Relationships between franchisees and franchisors are similar to a marriage where problems surface once the honeymoon is over and if not resolved can lead down an emotional and costly path.
Franchise Expert Tracy Eaton believes franchisees often get caught up in the excitement of buying into a business at the start then question their decision once reality and hard ongoing work kicks in.
“This can happen once the initial intense training and support period from their franchisor is complete and they no longer have training wheels on,” says Ms Eaton.
“There is no doubt buying a franchise is the safest path to having your own business because it is a proven system yet you still need to build sales, work hard and take responsibility or risk failure,” she said.
“Relationship breakdowns between franchisees and franchisors are one of the biggest challenges within the industry.”
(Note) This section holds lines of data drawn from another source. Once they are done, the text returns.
(* Let $\mathsf{k}$ be a field of characteristic zero, $S=\mathsf{k}[x_1,\dots,x_n]$ with $n\ge 2$, and $R=\mathsf{k}[X_1,\dots,X_n]$, with $S$ acting on $R$ by differentiation. Let $F\in R$ be a nonzero homogeneous polynomial of degree $d\ge 2$, let $A=S/\operatorname{Ann}_S(F)$, and let $\ell\in S_1$ be a linear form. Then for every $0\le i\le d$, $$\operatorname{diag}(i,M_{\ell,A})=h_{A^{(i)}},$$ i.e. $(M_{\ell,A})_{j,j+i}=\dim_{\mathsf{k}}\big(A^{(i)}\big)_j$ for all $0\le j\le d-i$.
   Context: $x_i$ acts on $R$ as $\partial/\partial X_i$; for $G\in R$, $\operatorname{Ann}_S(G)=\{g\in S: g\circ G=0\}$. $A=S/\operatorname{Ann}_S(F)$ is a graded Artinian Gorenstein algebra of socle degree $d$. For a graded algebra $B$, $h_B(j)=\dim_{\mathsf{k}}B_j$ is its Hilbert function. For $0\le i\le d$, $A^{(i)}:=S/\operatorname{Ann}_S(\ell^i\circ F)$ (the zero algebra if $\ell^i\circ F=0$), whose Hilbert function is viewed as the vector $(h_{A^{(i)}}(0),\dots,h_{A^{(i)}}(d-i))$. The rank matrix $M_{\ell,A}$ is the $(d+1)\times(d+1)$ matrix with rows and columns indexed by $0,\dots,d$, with $(M_{\ell,A})_{i,j}=\operatorname{rank}(\times\ell^{j-i}:A_i\to A_j)$ for $i\le j$ and $(M_{\ell,A})_{i,j}=0$ for $i>j$. For a $(d+1)\times(d+1)$ matrix $M$ and $0\le i\le d$, $\operatorname{diag}(i,M)=(M_{0,i},M_{1,i+1},\dots,M_{d-i,d})$. *)

From HB Require Import structures.
From mathcomp Require Import all_boot all_order all_algebra.
From mathcomp Require Import mpoly.
From Stdlib Require Import ClassicalEpsilon.

Set Implicit Arguments.
Unset Strict Implicit.
Unset Printing Implicit Defensive.

Import Order.TTheory GRing.Theory.
Local Open Scope ring_scope.

Section Apolarity.
Variables (k : fieldType) (n : nat).
Local Notation Poly := {mpoly k[n]}.

(* Contraction/differentiation action of S = k[x_1..x_n] on R = k[X_1..X_n]:
   both rings are modelled by {mpoly k[n]}; the monomial x^m acts as the
   partial derivative d^m/dX^m, extended k-linearly. *)
Definition act (g G : Poly) : Poly :=
  \sum_(m <- msupp g) g@_m *: G^`M[m].

Definition indep_mod_ann (G : Poly) (r : nat) (f : 'I_r -> Poly) : Prop :=
  forall c : 'I_r -> k,
    act (\sum_(t < r) c t *: f t) G = 0 -> forall t, c t = 0.

(* r is the dimension of the subspace of S/Ann_S(G) spanned by the classes
   of the elements of V: the maximal number of elements of V whose classes
   are linearly independent. *)
Definition is_quot_dim (G : Poly) (V : Poly -> Prop) (r : nat) : Prop :=
  (exists f : 'I_r -> Poly, (forall t, V (f t)) /\ indep_mod_ann G f) /\
  (forall f : 'I_r.+1 -> Poly, (forall t, V (f t)) -> ~ indep_mod_ann G f).

Definition quot_dim (G : Poly) (V : Poly -> Prop) : nat :=
  epsilon (inhabits 0%N) (is_quot_dim G V).

(* Hilbert function of S/Ann_S(G): h(j) = dim_k (S/Ann_S(G))_j,
   the span of the classes of degree-j forms. (For G = 0 this is the zero
   algebra, with h = 0.) *)
Definition hilb (G : Poly) (j : nat) : nat :=
  quot_dim G (fun p => p \is j.-homog).

(* rank of  x l^(j-i) : A_i -> A_j  where A = S/Ann_S(F): the dimension of the
   image, spanned by the classes of l^(j-i) g, g in S_i. *)
Definition rank_mul (l F : Poly) (i j : nat) : nat :=
  quot_dim F (fun p => exists g : Poly, g \is i.-homog /\ p = l ^+ (j - i) * g).

Definition rank_matrix (l F : Poly) (d : nat) : 'M[nat]_d.+1 :=
  \matrix_(i < d.+1, j < d.+1) (if (i <= j)%N then rank_mul l F i j else 0%N).

End Apolarity.

Definition mdiag (d i : nat) (M : 'M[nat]_d.+1) : seq nat :=
  [seq M (inord j) (inord (j + i)) | j <- iota 0 (d - i).+1].

Definition hilb_vec (k : fieldType) (n : nat) (G : {mpoly k[n]}) (m : nat)
  : seq nat := [seq hilb G j | j <- iota 0 m.+1].

From HB Require Import structures.
From mathcomp Require Import all_boot all_order all_algebra.
From mathcomp Require Import ssrcomplements mpoly zify.
From Stdlib Require Import ClassicalEpsilon FunctionalExtensionality PropExtensionality.

(* Apolarity is a right action of S on R: (a b) o G = b o (a o G).  Hence the
   classes of l^i g_1, ..., l^i g_r are independent in S/Ann(F) exactly when
   those of g_1, ..., g_r are independent in S/Ann(l^i o F), so the rank of
   multiplication by l^i from A_j equals h_{A^(i)}(j). *)

Set Implicit Arguments.
Unset Strict Implicit.
Unset Printing Implicit Defensive.
Import GRing.Theory.
Local Open Scope ring_scope.

Section Apolarity.
Variables (k : fieldType) (n : nat).
Local Notation Poly := {mpoly k[n]}.
Implicit Types (a b g G : Poly) (c : k).

Lemma act_bigE (B : nat) g G : (msize g <= B)%N ->
  act g G = \sum_(m : 'X_{1..n < B}) g@_m *: G^`M[m].
Proof.
move=> le_gB; rewrite /act (big_mksub 'X_{1..n < B}) ?msupp_uniq //=.
  by rewrite big_rmcond //= => m /memN_msupp_eq0 ->; rewrite scale0r.
by move=> m /msize_mdeg_lt /leq_trans; apply.
Qed.

Lemma act0l G : act 0 G = 0.
Proof. by rewrite /act msupp0 big_nil. Qed.

Lemma actDl a b G : act (a + b) G = act a G + act b G.
Proof.
pose B := (msize a + msize b + msize (a + b)).+1.
rewrite !(@act_bigE B) ?ltnS /B; try lia.
by rewrite -big_split; apply: eq_bigr => m _; rewrite mcoeffD scalerDl.
Qed.

Lemma actZl c g G : act (c *: g) G = c *: act g G.
Proof.
pose B := (msize g + msize (c *: g)).+1.
rewrite !(@act_bigE B) ?ltnS /B; try lia.
by rewrite scaler_sumr; apply: eq_bigr => m _; rewrite mcoeffZ scalerA.
Qed.

Lemma act0r g : act g 0 = 0.
Proof. by rewrite /act big1 // => m _; rewrite raddf0 scaler0. Qed.

Lemma actDr g G1 G2 : act g (G1 + G2) = act g G1 + act g G2.
Proof.
by rewrite /act -big_split; apply: eq_bigr => m _; rewrite mderivmD scalerDr.
Qed.

Lemma actZr c g G : act g (c *: G) = c *: act g G.
Proof.
rewrite /act scaler_sumr; apply: eq_bigr => m _.
by rewrite mderivmZ !scalerA mulrC.
Qed.

Lemma actX (m : 'X_{1..n}) G : act 'X_[m] G = G^`M[m].
Proof. by rewrite /act msuppX big_seq1 mcoeffX eqxx scale1r. Qed.

Lemma act_mulX (m : 'X_{1..n}) b G : act ('X_[m] * b) G = act b (act 'X_[m] G).
Proof.
elim/mpolyind: b => [|c m' b _ _ IHb]; first by rewrite mulr0 !act0l.
by rewrite mulrDr !actDl IHb -scalerAr -mpolyXD !actZl !actX mderivmDm.
Qed.

Lemma act_mul a b G : act (a * b) G = act b (act a G).
Proof.
elim/mpolyind: a => [|c m a _ _ IHa]; first by rewrite mul0r !act0l act0r.
by rewrite mulrDl -scalerAl !actDl !actZl act_mulX IHa actDr actZr.
Qed.

Section MulImage.
Variables (V : Poly -> Prop) (L F : Poly).
Local Notation LV := (fun p => exists g, V g /\ p = L * g).

Lemma indep_mod_ann_mull (r : nat) (f g : 'I_r -> Poly) :
  (forall t, f t = L * g t) -> indep_mod_ann F f <-> indep_mod_ann (act L F) g.
Proof.
move=> fE; suff actE (c : 'I_r -> k) :
    act (\sum_(t < r) c t *: f t) F = act (\sum_(t < r) c t *: g t) (act L F).
  by split=> indep c; [rewrite -actE | rewrite actE]; apply: indep.
rewrite -act_mul mulr_sumr; congr act; apply: eq_bigr => t _.
by rewrite fE scalerAr.
Qed.

Lemma factor_mull (r : nat) (f : 'I_r -> Poly) : (forall t, LV (f t)) ->
  exists g : 'I_r -> Poly, forall t, V (g t) /\ f t = L * g t.
Proof. exact: choice. Qed.

Lemma is_quot_dim_mull (r : nat) : is_quot_dim F LV r <-> is_quot_dim (act L F) V r.
Proof.
split=> -[[f [Vf indep_f]] maximal].
- have [g gP] := factor_mull Vf; split.
    exists g; split=> [t|]; first by case: (gP t).
    by apply/(indep_mod_ann_mull (f := f)) => // t; case: (gP t).
  move=> g' Vg' indep_g'; apply: (maximal (fun t => L * g' t)) => [t|].
    by exists (g' t).
  exact/(indep_mod_ann_mull (g := g')).
- split.
    exists (fun t => L * f t); split=> [t|]; first by exists (f t).
    exact/(indep_mod_ann_mull (g := f)).
  move=> f' Vf' indep_f'; have [g gP] := factor_mull Vf'.
  apply: (maximal g) => [t|]; first by case: (gP t).
  by apply/(indep_mod_ann_mull (f := f')) => // t; case: (gP t).
Qed.

Lemma quot_dim_mull : quot_dim F LV = quot_dim (act L F) V.
Proof.
rewrite /quot_dim; congr epsilon; apply: functional_extensionality => r.
exact/propositional_extensionality/is_quot_dim_mull.
Qed.

End MulImage.

Lemma rank_mul_hilb (l F : Poly) (i j : nat) :
  rank_mul l F j (j + i) = hilb (act (l ^+ i) F) j.
Proof. by rewrite /rank_mul addKn quot_dim_mull. Qed.

End Apolarity.

Theorem proposition3p4 (k : fieldType) (hchar : [pchar k] =i pred0)
  (n : nat) (hn : (2 <= n)%N) (d : nat) (hd : (2 <= d)%N)
  (F : {mpoly k[n]}) (hF0 : F != 0) (hFd : F \is d.-homog)
  (l : {mpoly k[n]}) (hl : l \is 1.-homog) (i : nat) (hi : (i <= d)%N) :
  mdiag i (rank_matrix l F d) = hilb_vec (act (l ^+ i) F) (d - i).
Proof.
apply/eq_in_map => j; rewrite mem_iota ltnS => /andP[_ le_j].
have le_ji : (j + i <= d)%N by rewrite -(subnK hi) leq_add2r.
rewrite mxE !inordK ?ltnS ?(leq_trans le_j (leq_subr _ _)) // leq_addr.
exact: rank_mul_hilb.
Qed.
(* At a node, the constraint a_s(lambda) <> a_s0(mu) bears on the children's
   values through a max or a min.  When the node's player is the one favoured
   by the root's answer (MAX under 'win', MIN under 'lose'), every child has to
   change its answer; the children's leaf sets are disjoint, so the infimum
   splits into the sum of the children's infima.  Otherwise one child changing
   its answer suffices, and keeping lambda = mu on the other leaves costs
   nothing, so the infimum is the least of the children's.  At a leaf, the
   infimum of N d(mu, lambda) over lambda on the other side of theta is 0 if mu
   already lies there, and N d(mu, theta) otherwise: d(mu, .) is monotone away
   from mu by the three-point identity of Bregman divergences, and continuous
   at theta, which is needed when theta itself is excluded. *)

(* [tree] is a nested inductive type: the generated [tree_ind] gives no
   induction hypothesis for the children. *)
Definition tree_ind_In (P : tree -> Prop) (P_Leaf : forall l, P (Leaf l))
    (P_Node : forall lb cs, (forall c, In c cs -> P c) -> P (Node lb cs)) :
  forall t, P t :=
  fix f t := match t return P t with
  | Leaf l => P_Leaf l
  | Node lb cs => P_Node lb cs ((fix g cs : forall c, In c cs -> P c :=
       match cs return forall c, In c cs -> P c with
       | [::] => fun c no_c => False_ind _ no_c
       | c0 :: cs' => fun c H => match H with
                                 | or_introl e => eq_ind c0 P (f c0) c e
                                 | or_intror H' => g cs' c H' end
       end) cs)
  end.

Section SeqIn.
Variable A : Type.
Implicit Types (c : A) (cs : seq A).

Lemma eq_map_In (B : Type) (f g : A -> B) cs :
  (forall c, In c cs -> f c = g c) -> map f cs = map g cs.
Proof.
elim: cs => //= c cs IH fg; rewrite fg; last by left.
by rewrite IH // => c' c'_cs; apply: fg; right.
Qed.

Lemma allP_In (p : pred A) cs : reflect (forall c, In c cs -> p c) (all p cs).
Proof.
elim: cs => [|c cs IH] /=; first by left.
apply: (iffP andP) => [[pc /IH p_cs] c' [<-|/p_cs] // | p_cs].
by split; [apply: p_cs; left | apply/IH => c' c'_cs; apply: p_cs; right].
Qed.

Lemma hasP_In (p : pred A) cs : reflect (exists2 c, In c cs & p c) (has p cs).
Proof.
elim: cs => [|c cs IH] /=; first by right; case.
apply: (iffP orP) => [[pc | /IH[c' c'_cs pc']] | [c' [<-|c'_cs] pc']].
- by exists c; first left.
- by exists c'; first right.
- by left.
- by right; apply/IH; exists c'.
Qed.

Lemma In_map (B : eqType) (f : A -> B) c cs : In c cs -> f c \in map f cs.
Proof.
by move=> c_cs; rewrite -has_pred1 has_map; apply/hasP_In; exists c => /=.
Qed.

Lemma mapP_In (B : eqType) (f : A -> B) y cs :
  y \in map f cs -> exists2 c, In c cs & y = f c.
Proof. by rewrite -has_pred1 has_map => /hasP_In[c c_cs /eqP <-]; exists c. Qed.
“Partnerships either breakdown and end, continue existing because it’s too hard to get out of it or work on the issues to thrive and grow over time.”
“In 2015, depending on the industry, between 11 and 18 percent franchisees either sold or handed back franchises.”
“Communication breakdowns, mismatched expectations, diverging priorities and lack of perspective or future vision are key triggers for problems between franchisees and franchisors.”
“Those who are succeeding in the franchise industry are seeking independent advice and mentoring to take the emotion out of their actions and gain objective perspective, allowing them to understand and accept both sides in the relationship.”
“Constant promotions by franchisors can be seen by franchisees as an added expense but they fail to realise they can leverage those promotions by turning new customers into repeat customers for long term profit gain.”
“One happy franchisee looking to become a multi-unit operator wanted to exit the business almost overnight because of a change their franchisor made to the product which greatly impacted their profitability in the short term.”
“Franchisors face a lot of criticism yet they need to stay open to feedback from their franchisees and third parties for the partnership to be profitable for all.”
Ms Eaton said franchisees and franchisors can improve their relationships to both grow their business by:
1. Independent Advice: Find a mentor who has both franchise and business experience to get an objective view on your operations.
2. Profiling: Franchisors often profile potential franchisees which could be used to help both parties understand strengths and weaknesses throughout the course of their relationship.
3. Training: Franchisees shouldn’t rely solely on initial training from franchisors. They need to network, attend relevant seminars and keep up to date with what’s happening technology and business wise.
4. Expectations: Don’t expect either party to provide or comply with everything. Have an interdependent relationship not a dependent one.